(* Let $\{f_j\}_{j=1}^m$, $m\ge2$, be an iterated function system of similarities of $\mathbb{C}$ with common contraction ratio $|\lambda|<1$ and connected attractor $A=\bigcup_j A_j$, $A_j=f_j(A)$, which is invertible with map $q:A\to A$ and has finite nonempty overlap set $\mathcal{O}$. Suppose $q$ is critically non-recurrent. Then there exist constants $C\ge1$ and $\delta_1>0$ such that for every connected set $S\subset A$ and every integer $n\ge0$, $$C^{-1}|\lambda|^{-n}\operatorname{diam}S\le\operatorname{diam}q^n(S)\le C|\lambda|^{-n}\operatorname{diam}S,$$ provided either $\operatorname{diam}q^n(S)<\delta_1$ or $|\lambda|^{-n}\operatorname{diam}S<\delta_1$.
   Context: Each $f_j$ is of the form $f_j(z)=|\lambda|e^{i\theta_j}z+d_j$ or $f_j(z)=|\lambda|e^{i\theta_j}\overline{z}+d_j$, and $A$ is the unique nonempty compact set with $A=\bigcup_j f_j(A)$. Invertible means there is a continuous $q:A\to A$ with $q|_{A_j}$ equal to the inverse of $f_j:A\to A_j$ for each $j$. The overlap set is $\mathcal{O}=\bigcup_{i\ne j}(A_i\cap A_j)$. $q$ is critically non-recurrent if for every $z\in\mathcal{O}$ the limit set of $\{q^n(z)\}_{n\ge1}$ does not contain $z$. *)

From Stdlib Require Import Reals Lra Lia List.
From Coquelicot Require Import Coquelicot.
Open Scope R_scope.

**Work item**
Lines from the one containing "From Coquelicot Require Import Coquelicot." to the last line above, both included: copy these exactly and write nothing else.

**Task response**
From Coquelicot Require Import Coquelicot.
Open Scope R_scope.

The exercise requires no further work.